Last month, the Federal Reserve raised interest rates for the first time in seven years. And as the calendar turned to 2016, the process to elect a new president—in a wide-open contest—begins in earnest.
How will these two factors impact your money? According to some experts, not as much as people might expect.
"I'm expecting the economy to be a bit lackluster," Peter Goettler, president and CEO of the Cato Institute told CNBC's On The Money in an interview. The leader of the libertarian think tank said he didn't think the Fed's moves will result in significantly higher interest rates.
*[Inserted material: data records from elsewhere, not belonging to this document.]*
Lemma is_RInt_gen_le_eventually (f : R -> R) (l M : R) : is_RInt_gen f Fa Fb l ->
  filter_prod Fa Fb (fun ab => RInt f (fst ab) (snd ab) <= M) -> l <= M.
Proof.
  intros Hl HM. apply Rnot_lt_le. intros HMl.
  assert (Hnear := proj1 (filterlimi_locally _ l) Hl (mkposreal _ (proj2 (Rlt_0_minus M l) HMl))).
  destruct (filter_ex _ (filter_and _ _ Hnear HM)) as [[a b] [[z [Hz Hball]] Hab]].
  simpl in *. rewrite (is_RInt_unique _ _ _ _ Hz) in Hab.
  change (Rabs (z - l) < l - M) in Hball. apply Rabs_def2 in Hball. lra.
Qed.

Lemma is_RInt_gen_ge_eventually (f : R -> R) (l M : R) : is_RInt_gen f Fa Fb l ->
  filter_prod Fa Fb (fun ab => M <= RInt f (fst ab) (snd ab)) -> M <= l.
Proof.
  intros Hl HM. apply Rnot_lt_le. intros HlM.
  assert (Hnear := proj1 (filterlimi_locally _ l) Hl (mkposreal _ (proj2 (Rlt_0_minus l M) HlM))).
  destruct (filter_ex _ (filter_and _ _ Hnear HM)) as [[a b] [[z [Hz Hball]] Hab]].
  simpl in *. rewrite (is_RInt_unique _ _ _ _ Hz) in Hab.
  change (Rabs (z - l) < M - l) in Hball. apply Rabs_def2 in Hball. lra.
Qed.

End ImproperBounds.

Lemma ex_RInt_gen_nonneg_bounded (f : R -> R) (M : R) :
  (forall t, 0 < t -> continuous f t) -> (forall t, 0 < t -> 0 <= f t) ->
  (forall a b, 0 < a -> a <= b -> RInt f a b <= M) ->
  ex_RInt_gen f (at_right 0) (Rbar_locally p_infty).
Proof.
  intros Hc Hpos HM.
  set (E := fun r => exists a b, 0 < a <= b /\ r = RInt f a b).
  destruct (completeness E) as [S [HS_ub HS_least]].
  { exists M. intros r (a & b & Hab & ->). apply HM; lra. }
  { exists (RInt f 1 1), 1, 1. split; [lra | reflexivity]. }
  exists S. apply filterlimi_locally. intros eps.
  assert (Happrox : exists a0 b0, 0 < a0 <= b0 /\ S - eps < RInt f a0 b0).
  { apply NNPP. intros Hnone.
    assert (S <= S - eps); [|pose proof (cond_pos eps); lra].
    apply HS_least. intros r (a & b & Hab & ->).
    apply Rnot_lt_le. intros Hlt. apply Hnone. exists a, b. split; assumption. }
  destruct Happrox as (a0 & b0 & Hab0 & Hlt).
  apply (eventually_near_0_pinfty _ a0 b0); [lra|]. intros a b Ha Hb.
  exists (RInt f a b). split.
  - apply (@RInt_correct R_CompleteNormedModule), ex_RInt_pos; auto; lra.
  - assert (RInt f a b <= S) by (apply HS_ub; exists a, b; split; [lra | reflexivity]).
    assert (RInt f a0 b0 <= RInt f a b) by (apply RInt_le_wider; auto; lra).
    change (Rabs (RInt f a b - S) < eps). rewrite Rabs_left1; lra.
Qed.

(** * The Gamma function *)

Definition Gamma_integrand (y t : R) : R := Rpower t (y - 1) * exp (- t).

Lemma Gamma_integrand_continuous (y t : R) : 0 < t -> continuous (Gamma_integrand y) t.
Proof. intros Ht. unfold Gamma_integrand, Rpower. continuity_by_derive. Qed.

Lemma Gamma_integrand_ge0 (y t : R) : 0 <= Gamma_integrand y t.
Proof.
  unfold Gamma_integrand. pose proof (Rpower_pos t (y - 1)). pose proof (exp_pos (- t)). nra.
Qed.

Lemma Gamma_integrand_succ (y t : R) : Gamma_integrand (y + 1) t = Rpower t y * exp (- t).
Proof. unfold Gamma_integrand. do 2 f_equal. ring. Qed.

Lemma Gamma_integrand_le_exp_half (y t : R) : 0 < y -> 1 <= t ->
  Gamma_integrand y t <= Rpower (2 * y) y * exp (- t / 2).
Proof.
  intros Hy Ht. unfold Gamma_integrand.
  assert (Hpow : Rpower t (y - 1) <= Rpower (2 * y) y * exp (t / 2)).
  { apply Rle_trans with (Rpower t y); [apply Rle_Rpower; lra|].
    apply Rpower_le_exp_half; lra. }
  replace (exp (- t / 2)) with (exp (t / 2) * exp (- t))
    by (rewrite <- exp_plus; f_equal; field).
  pose proof (exp_pos (- t)). nra.
Qed.

Lemma Gamma_integrand_le_inv (y t : R) : 0 < y -> 1 <= t ->
  Gamma_integrand y t <= 2 * Rpower (2 * y) y / t.
Proof.
  intros Hy Ht. pose proof (Gamma_integrand_le_exp_half y t Hy Ht).
  pose proof (exp_neg_le_inv (t / 2) ltac:(lra)). pose proof (Rpower_pos (2 * y) y).
  replace (- (t / 2)) with (- t / 2) in * by field.
  replace (2 * Rpower (2 * y) y / t) with (Rpower (2 * y) y * / (t / 2)) by (field; lra).
  nra.
Qed.

Lemma Gamma_integrand_succ_le_near_0 (y a eps : R) : 0 < y -> 0 < eps ->
  0 < a < Rpower eps (/ y) -> Gamma_integrand (y + 1) a <= eps.
Proof.
  intros Hy Heps Ha. rewrite Gamma_integrand_succ.
  pose proof (Rpower_lt_of_lt_root a y eps Hy Heps Ha).
  pose proof (Rpower_pos a y). pose proof (exp_neg_le_1 a ltac:(lra)). nra.
Qed.

Lemma RInt_Gamma_integrand_head_le (y a : R) : 0 < y -> 0 < a <= 1 ->
  RInt (Gamma_integrand y) a 1 <= / y.
Proof.
  intros Hy Ha.
  apply Rle_trans with (RInt (fun t => Rpower t (y - 1)) a 1).
  { apply RInt_le; [lra | apply ex_RInt_pos; [apply Gamma_integrand_continuous | lra..] | |].
    - apply ex_RInt_pos; [|lra..]. intros t Ht. unfold Rpower. continuity_by_derive.
    - intros t Ht. unfold Gamma_integrand.
      pose proof (Rpower_pos t (y - 1)). pose proof (exp_neg_le_1 t ltac:(lra)). nra. }
  rewrite (RInt_antiderivative (fun t => Rpower t y / y)); [| lra | |].
  - rewrite Rpower_1_l. pose proof (Rpower_pos a y).
    assert (0 < Rpower a y / y) by (apply Rdiv_lt_0_compat; lra).
    unfold Rdiv in *. lra.
  - intros t Ht. unfold Rpower. auto_derive; [lra|].
    replace ((y - 1) * ln t) with (y * ln t + - ln t) by ring.
    rewrite exp_plus, (exp_Ropp (ln t)), exp_ln by lra. field. lra.
  - intros t Ht. unfold Rpower. continuity_by_derive.
Qed.

Lemma RInt_Gamma_integrand_tail_le (y b : R) : 0 < y -> 1 <= b ->
  RInt (Gamma_integrand y) 1 b <= 2 * Rpower (2 * y) y.
Proof.
  intros Hy Hb. set (K := Rpower (2 * y) y).
  assert (HK : 0 < K) by apply Rpower_pos.
  apply Rle_trans with (RInt (fun t => K * exp (- t / 2)) 1 b).
  { apply RInt_le; [lra | apply ex_RInt_pos; [apply Gamma_integrand_continuous | lra..] | |].
    - apply ex_RInt_pos; [|lra..]. intros t Ht. continuity_by_derive.
    - intros t Ht. apply Gamma_integrand_le_exp_half; lra. }
  rewrite (RInt_antiderivative (fun t => - 2 * K * exp (- t / 2))); [| lra | |].
  - pose proof (exp_pos (- b / 2)). pose proof (exp_neg_le_1 (1 / 2) ltac:(lra)).
    replace (- (1) / 2) with (- (1 / 2)) by field. nra.
  - intros t Ht. auto_derive; [exact I|]. unfold Rdiv. field.
  - intros t Ht. continuity_by_derive.
Qed.

Lemma RInt_Gamma_integrand_le (y a b : R) : 0 < y -> 0 < a -> a <= b ->
  RInt (Gamma_integrand y) a b <= / y + 2 * Rpower (2 * y) y.
Proof.
  intros Hy Ha Hab.
  pose proof (Rmin_l a 1). pose proof (Rmin_r a 1). pose proof (Rmin_pos a 1 Ha Rlt_0_1).
  pose proof (Rmax_l b 1). pose proof (Rmax_r b 1).
  apply Rle_trans with (RInt (Gamma_integrand y) (Rmin a 1) (Rmax b 1)).
  { apply RInt_le_wider;
      [apply Gamma_integrand_continuous | intros; apply Gamma_integrand_ge0 | lra | lra]. }
  rewrite (RInt_Chasles_pos _ (Rmin a 1) 1 (Rmax b 1))
    by (try apply Gamma_integrand_continuous; lra).
  pose proof (RInt_Gamma_integrand_head_le y (Rmin a 1) Hy ltac:(lra)).
  pose proof (RInt_Gamma_integrand_tail_le y (Rmax b 1) Hy ltac:(lra)).
  lra.
Qed.

Lemma is_RInt_gen_Gamma (y : R) : 0 < y ->
  is_RInt_gen (Gamma_integrand y) (at_right 0) (Rbar_locally p_infty) (Gamma y).
Proof.
  intros Hy. apply (@RInt_gen_correct R_CompleteNormedModule);
    [apply Proper_StrongProper, at_right_proper_filter
    | apply Proper_StrongProper, Rbar_locally_filter |].
  apply (ex_RInt_gen_nonneg_bounded _ (/ y + 2 * Rpower (2 * y) y)).
  - apply Gamma_integrand_continuous.
  - intros t _. apply Gamma_integrand_ge0.
  - intros a b Ha Hab. apply RInt_Gamma_integrand_le; assumption.
Qed.

Lemma Gamma_ge_0 (y : R) : 0 < y -> 0 <= Gamma y.
Proof.
  intros Hy. pose proof (is_RInt_gen_Gamma y Hy) as HGamma.
  apply (is_RInt_gen_ge_eventually _ _ _ HGamma).
  apply (eventually_near_0_pinfty _ 1 1); [lra|]. intros a b Ha Hb. simpl.
  apply RInt_ge_0; [lra | apply ex_RInt_pos; [apply Gamma_integrand_continuous | lra..] |].
  intros t _. apply Gamma_integrand_ge0.
Qed.

Lemma RInt_Gamma_integrand_by_parts (y a b : R) : 0 < y -> 0 < a -> a <= b ->
  RInt (fun t => Gamma_integrand (y + 1) t - y * Gamma_integrand y t) a b
  = Gamma_integrand (y + 1) a - Gamma_integrand (y + 1) b :> R.
Proof.
  intros Hy Ha Hab.
  rewrite (RInt_antiderivative (fun t => - Gamma_integrand (y + 1) t)); [ring | lra | |].
  - intros t Ht. unfold Gamma_integrand, Rpower. auto_derive; [lra|].
    replace (y + 1 - 1) with y by ring.
    replace ((y - 1) * ln t) with (y * ln t + - ln t) by ring.
    rewrite exp_plus, (exp_Ropp (ln t)), exp_ln by lra. field. lra.
  - intros t Ht. unfold Gamma_integrand, Rpower. continuity_by_derive.
Qed.

Lemma Gamma_succ (y : R) : 0 < y -> Gamma (y + 1) = y * Gamma y.
Proof.
  intros Hy.
  set (g := fun t => Gamma_integrand (y + 1) t - y * Gamma_integrand y t).
  assert (Hg : is_RInt_gen g (at_right 0) (Rbar_locally p_infty) (Gamma (y + 1) - y * Gamma y)).
  { exact (is_RInt_gen_minus (Fa := at_right 0) (Fb := Rbar_locally p_infty) _ _ _ _
             (is_RInt_gen_Gamma (y + 1) ltac:(lra))
             (is_RInt_gen_scal _ y _ (is_RInt_gen_Gamma y Hy))). }
  set (K := Rpower (2 * (y + 1)) (y + 1)).
  (* the boundary terms [t^y e^-t] of the integration by parts vanish at 0 and at +oo *)
  assert (Hsmall : forall eps, 0 < eps -> filter_prod (at_right 0) (Rbar_locally p_infty)
            (fun ab => - eps <= RInt g (fst ab) (snd ab) <= eps)).
  { intros eps Heps.
    apply (eventually_near_0_pinfty _ (Rmin 1 (Rpower eps (/ y))) (Rmax 1 (2 * K / eps)));
      [apply Rmin_pos; [lra | apply Rpower_pos]|].
    intros a b Ha Hb. simpl.
    pose proof (Rmin_l 1 (Rpower eps (/ y))). pose proof (Rmin_r 1 (Rpower eps (/ y))).
    pose proof (Rmax_l 1 (2 * K / eps)). pose proof (Rmax_r 1 (2 * K / eps)).
    unfold g. rewrite RInt_Gamma_integrand_by_parts by lra.
    pose proof (Gamma_integrand_succ_le_near_0 y a eps Hy Heps ltac:(lra)).
    assert (Gamma_integrand (y + 1) b <= eps).
    { apply Rle_trans with (1 := Gamma_integrand_le_inv (y + 1) b ltac:(lra) ltac:(lra)).
      fold K. apply Rle_div_l; [lra|].
      assert (eps * (2 * K / eps) = 2 * K) by (field; lra). nra. }
    pose proof (Gamma_integrand_ge0 (y + 1) a). pose proof (Gamma_integrand_ge0 (y + 1) b).
    lra. }
  apply Rminus_diag_uniq, Rle_antisym; apply Rle_plus_epsilon; intros eps Heps.
  - rewrite Rplus_0_l. apply (is_RInt_gen_le_eventually g _ _ Hg).
    apply (filter_imp _ _ (fun ab Hab => proj2 Hab) (Hsmall eps Heps)).
  - enough (- eps <= Gamma (y + 1) - y * Gamma y) by lra.
    apply (is_RInt_gen_ge_eventually g _ _ Hg).
    apply (filter_imp _ _ (fun ab Hab => proj1 Hab) (Hsmall eps Heps)).
Qed.

Lemma Gamma_1_ge : 49 / 50 <= Gamma 1.
Proof.
  pose proof (is_RInt_gen_Gamma 1 ltac:(lra)) as HGamma1.
  apply (is_RInt_gen_ge_eventually _ _ _ HGamma1).
  apply (eventually_near_0_pinfty _ (1 / 100) 100); [lra|]. intros a b Ha Hb. simpl.
  rewrite (RInt_antiderivative (fun t => - exp (- t))); [| lra | |].
  - pose proof (exp_ineq1_le (- a)). pose proof (exp_neg_le_inv b ltac:(lra)).
    assert (/ b <= / 100) by (apply Rinv_le_contravar; lra). lra.
  - intros t Ht. unfold Gamma_integrand, Rpower. auto_derive; [exact I|].
    rewrite Rminus_diag, Rmult_0_l, exp_0. ring.
  - intros t Ht. apply Gamma_integrand_continuous. lra.
Qed.

(** * Increments of Gamma near 1 and the digamma function near 0 *)

Lemma RInt_ln_exp_ge (a b : R) : 0 < a < 1 -> 1 < b ->
  - (29 / 36) <= RInt (fun t => ln t * exp (- t)) a b.
Proof.
  intros Ha Hb.
  set (f := fun t => ln t * exp (- t)).
  assert (Hc : forall t, 0 < t -> continuous f t) by (intros t Ht; unfold f; continuity_by_derive).
  rewrite (RInt_Chasles_pos f a 1 b) by (auto; lra).
  assert (Htail : 0 <= RInt f 1 b).
  { apply RInt_ge_0; [lra | apply ex_RInt_pos; auto; lra |].
    intros t Ht. unfold f. pose proof (ln_nonneg t ltac:(lra)). pose proof (exp_pos (- t)). nra. }
  assert (Hhead : RInt (fun t => ln t * (1 - t + t ^ 2 / 2)) a 1 <= RInt f a 1).
  { apply RInt_le; [lra | | apply ex_RInt_pos; auto; lra |].
    - apply ex_RInt_pos; [|lra..]. intros t Ht. continuity_by_derive.
    - intros t Ht. unfold f. pose proof (ln_nonpos t ltac:(lra)).
      pose proof (exp_neg_le_quadratic t ltac:(lra)). nra. }
  (* [-29/36 = int_0^1 ln t (1 - t + t^2/2) dt]; the boundary term at [a] is nonnegative. *)
  rewrite (RInt_antiderivative (fun t => t * ln t - t - t ^ 2 * ln t / 2 + t ^ 2 / 4
                                       + t ^ 3 * ln t / 6 - t ^ 3 / 18)) in Hhead;
    [| lra | intros t Ht; auto_derive; [lra | field; lra] | intros t Ht; continuity_by_derive].
  rewrite ln_1 in Hhead.
  assert (Hxlnx : a * ln a <= 0) by (pose proof (ln_nonpos a ltac:(lra)); nra).
  assert (a * ln a * (1 - a / 2 + a ^ 2 / 6) <= 0).
  { assert (0 <= 1 - a / 2 + a ^ 2 / 6) by nra. nra. }
  nra.
Qed.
"As long as the Fed is focused on inflation, economic growth (and) the employment picture… I'm not expecting interest rates to get away from us," Goettler said. He expects the Fed to raise rates higher "only a couple times" in 2016, slightly less than the emerging market consensus of a pace of one hike per quarter.
Jared Bernstein, senior fellow at the Center on Budget and Policy Priorities, tells CNBC he also sees additional rate hikes in the months ahead. However, "I think we'll see some, but I don't know that we'll see the three or four that most people are predicting," Bernstein added.
Bernstein says the "Federal Reserve's own rate hike schedule" is based on the central bank's prediction that inflation will "revert to form, to start rising much more close to their two percent target, and they consistently miss that." Inflation has remained tame, largely because of a steep drop in energy costs—led by a washout in commodities and oil prices.